[EXERCISE DATA — start]

(* Substituting x_i := x_i - (delta_ij / a_j) lform a kills lform a and is the identity
   modulo lform a; as S is a domain, this makes lform a behave like a prime element. *)
Definition hyperplane_proj : l.-tuple {mpoly K[l]} :=
  [tuple 'X_i - ((i == j)%:R / a j 0) *: lform a | i < l].

Lemma comp_proj_lform b : lform b \mPo hyperplane_proj = lform b - (b j 0 / a j 0) *: lform a.
Proof.
rewrite /lform raddf_sum /=.
under eq_bigr => i _ do
  rewrite comp_mpolyZ comp_mpolyXU -tnth_nth tnth_mktuple scalerBr scalerA.
rewrite sumrB -scaler_suml; congr (_ - _ *: _).
rewrite (bigD1 j) //= eqxx mul1r big1 ?addr0 // => i ij.
by rewrite (negbTE ij) mul0r mulr0.
Qed.

Lemma eqmod_comp_proj G : eqmod (lform a) G (G \mPo hyperplane_proj).
Proof.
elim/mpolyind: G => [|c m G _ _ IH]; first by rewrite comp_mpoly0; apply: eqmod_refl.
rewrite comp_mpolyD comp_mpolyZ -!mul_mpolyC; apply: eqmodD => //.
apply: eqmodM; first exact: eqmod_refl.
rewrite comp_mpolyX [X in eqmod _ X _]mpolyXE_id.
apply: (big_ind2 (eqmod (lform a))) => [|*|i _]; first exact: eqmod_refl.
  exact: eqmodM.
apply: eqmodX; rewrite tnth_mktuple; exists (((i == j)%:R / a j 0)%:MP).
by rewrite opprB addrCA subrr addr0 [RHS]mulrC mul_mpolyC.
Qed.

Lemma comp_proj_lform_neq0 b :
  b != 0 -> ~~ (kermx b == kermx a)%MS -> lform b \mPo hyperplane_proj != 0.
Proof.
move=> b_neq0; apply: contraNN; rewrite comp_proj_lform subr_eq0 => /eqP e.
have : lform (b + (- (b j 0 / a j 0)) *: a) = 0 by rewrite lformD lformZ scaleNr e subrr.
move/lform_eq0/eqP; rewrite scaleNr subr_eq0 => {e}/eqP e.
rewrite e kermx_scale //; apply: contraNneq b_neq0 => c0.
by rewrite e c0 scale0r.
Qed.

Lemma lform_exp_dvd_cancel M Q g k : M \mPo hyperplane_proj != 0 ->
  M * Q = lform a ^+ k * g -> exists Q', Q = lform a ^+ k * Q'.
Proof.
move=> M_neq0; have L_neq0 : lform a != 0.
  by apply: contraNneq aj_neq0 => /lform_eq0 ->; rewrite mxE.
elim: k g Q => [|k IH] g Q e; first by exists Q; rewrite expr0 mul1r.
have : (M * Q) \mPo hyperplane_proj = 0.
  by rewrite e exprS -mulrA rmorphM /= comp_proj_lform divff // scale1r subrr mul0r.
rewrite rmorphM /= => /eqP; rewrite mulf_eq0 (negbTE M_neq0) /= => /eqP Q0.
have [h eh] := eqmod_comp_proj Q; rewrite Q0 subr0 in eh.
have [|Q' hQ'] := IH g h.
  by apply: (mulfI L_neq0); rewrite mulrCA -eh e exprS mulrA.
by exists Q'; rewrite eh hQ' exprS mulrA.
Qed.

End Projection.

Lemma prod_lform_exp_dvd (K : fieldType) l (I : finType) (a : I -> 'cV[K]_l)
    (m : I -> nat) (F : {mpoly K[l]}) (s : seq I) :
  (forall H, a H != 0) ->
  (forall H H', H != H' -> ~~ (kermx (a H) == kermx (a H'))%MS) -> uniq s ->
  (forall H, H \in s -> exists g, F = lform (a H) ^+ m H * g) ->
  exists g, F = (\prod_(H <- s) lform (a H) ^+ m H) * g.
Proof.
move=> a_neq0 a_distinct; elim: s => [|H s IH] /=.
  by exists F; rewrite big_nil mul1r.
case/andP => Hs s_uniq dvdF.
have [Q eQ] : exists Q, F = (\prod_(H' <- s) lform (a H') ^+ m H') * Q.
  by apply: IH => // H' H's; apply: dvdF; rewrite inE H's orbT.
have [g eg] := dvdF H (mem_head _ _).
have /matrix0Pn[j [k aj_neq0]] := a_neq0 H; rewrite (ord1 k) in aj_neq0.
have prod_neq0 : (\prod_(H' <- s) lform (a H') ^+ m H') \mPo hyperplane_proj (a H) j != 0.
  rewrite rmorph_prod prodf_seq_neq0; apply/allP => H' H's /=.
  rewrite rmorphXn expf_neq0 // comp_proj_lform_neq0 // a_distinct //.
  by apply: contraNneq Hs => <-.
have [Q' eQ'] := lform_exp_dvd_cancel aj_neq0 prod_neq0 (etrans (esym eQ) eg).
by exists Q'; rewrite big_cons eQ eQ' mulrCA mulrA.
Qed.

Section Restriction.
Variables (K : fieldType) (l : nat) (I : finType) (a : I -> 'cV[K]_l) (m : I -> nat).
Variable H0 : I.
Hypothesis a_neq0 : forall H, a H != 0.
Hypothesis a_distinct : forall H H', H != H' -> ~~ (kermx (a H) == kermx (a H'))%MS.

Lemma meet_sub_span H H' : H' != H0 ->
  (kermx (a H0) :&: kermx (a H) <= kermx (a H'))%MS ->
  exists2 c, c != 0 & exists d, a H' = c *: a H + d *: a H0.
Proof.
move=> H'_neq_H0 /kermx_cap_sub_span[c [d e]]; exists c; last by exists d.
apply: contraNneq (a_distinct H'_neq_H0) => c0.
have := a_neq0 H'; rewrite e c0 scale0r add0r => da0_neq0.
by rewrite kermx_scale //; apply: contraNneq da0_neq0 => ->; rewrite scale0r.
Qed.

Lemma lform_meet_eqmod H H' : H' != H0 ->
  (kermx (a H0) :&: kermx (a H) <= kermx (a H'))%MS ->
  exists c, eqmod (lform (a H0)) (lform (a H')) (c * lform (a H)).
Proof.
move=> H'_neq_H0 /(meet_sub_span H'_neq_H0)[c _ [d ->]]; exists c%:MP, d%:MP.
by rewrite lformD !lformZ -!mul_mpolyC addrC addKr mulrC.
Qed.

Variables (p : nat) (delta : ('I_p -> {mpoly K[l]}) -> {mpoly K[l]}).
Hypothesis p_gt0 : (0 < p)%N.
Hypothesis delta_D0 : Dp0 a m H0 delta.

Lemma restr_factor_dvd H H' (i : 'I_p) f : val i = 0%N -> H' != H0 ->
  (kermx (a H0) :&: kermx (a H) <= kermx (a H'))%MS ->
  exists g, delta (upd f i (lform (a H))) = lform (a H') ^+ m H' * g.
Proof.
case: delta_D0 => [[delta_pder delta_dvd] delta_vanish0] i0 H'_neq_H0.
move=> /(meet_sub_span H'_neq_H0)[c c_neq0 [d e]].
have {e} -> : a H = c^-1 *: a H' + (- (d / c)) *: a H0.
  by rewrite e scalerDr !scalerA mulVf // scale1r scaleNr mulrC addrK.
have [g eg] := delta_dvd H' isT i (upd f i (lform (a H'))) i0 (upd_eq _ _ _).
exists (c^-1%:MP * g); rewrite lformD !lformZ -!mul_mpolyC.
rewrite (pderD delta_pder) !(pderZ delta_pder) /cst eg mulrCA.
by rewrite (pder_vanish delta_pder p_gt0 delta_vanish0 (k := i)) ?upd_eq // mulr0 addr0.
Qed.

End Restriction.

Theorem lemma3p2 (K : fieldType) (l : nat) (I : finType)
    (a : I -> 'cV[K]_l) (m : I -> nat) (H0 : I)
    (p : nat) (hp : (0 < p)%N)
    (delta : ('I_p -> {mpoly K[l]}) -> {mpoly K[l]}) :
  is_multiarr a m -> Dp0 a m H0 delta -> restr_in_Dp a m H0 delta.
Proof.
case=> a_neq0 a_distinct _ D0; have [[delta_pder _] delta_vanish0] := D0.
split.
  exact: (is_pder_eqmod (a0 := lform (a H0)) delta_pder hp delta_vanish0).
move=> H /= H_neq_H0 i f i0 fi_eqmod.
pose meet H' := (H' != H0) && (kermx (a H0) :&: kermx (a H) <= kermx (a H'))%MS.
have [Q eQ] : exists Q, delta (upd f i (lform (a H))) =
    (\prod_(H' <- index_enum I | meet H') lform (a H') ^+ m H') * Q.
  rewrite -big_filter; apply: prod_lform_exp_dvd => //.
    exact/filter_uniq/index_enum_uniq.
  move=> H'; rewrite mem_filter => /andP[/andP[H'_neq_H0 sH'] _].
  exact: (restr_factor_dvd a_neq0 a_distinct hp D0 _ i0 H'_neq_H0 sH').
have [c c_eqmod] : exists c, eqmod (lform (a H0))
    (\prod_(H' <- index_enum I | meet H') lform (a H') ^+ m H')
    (c * lform (a H) ^+ zmult a m H0 H).
  apply: eqmod_prod => H' /andP[H'_neq_H0 sH'].
  exact: (lform_meet_eqmod a_neq0 a_distinct H'_neq_H0 sH').
have f_eqmod : eqmod (lform (a H0)) (delta f) (delta (upd f i (lform (a H)))).
  apply: (pder_eqmod delta_pder hp delta_vanish0) => j.
  by rewrite /upd; case: eqP => [->|_] //; apply: eqmod_refl.
exists (c * Q); apply: eqmod_trans f_eqmod _; rewrite eQ.
apply: eqmod_trans (eqmodM c_eqmod (eqmod_refl _ Q)) _.
by rewrite -mulrA mulrCA; apply: eqmod_refl.
Qed.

[EXERCISE DATA — finish]

PROBLEM TO SOLVE => Where a line above contains the word "rmorphM", copy that line.

RESPONSE =>
  by rewrite e exprS -mulrA rmorphM /= comp_proj_lform divff // scale1r subrr mul0r.
rewrite rmorphM /= => /eqP; rewrite mulf_eq0 (negbTE M_neq0) /= => /eqP Q0.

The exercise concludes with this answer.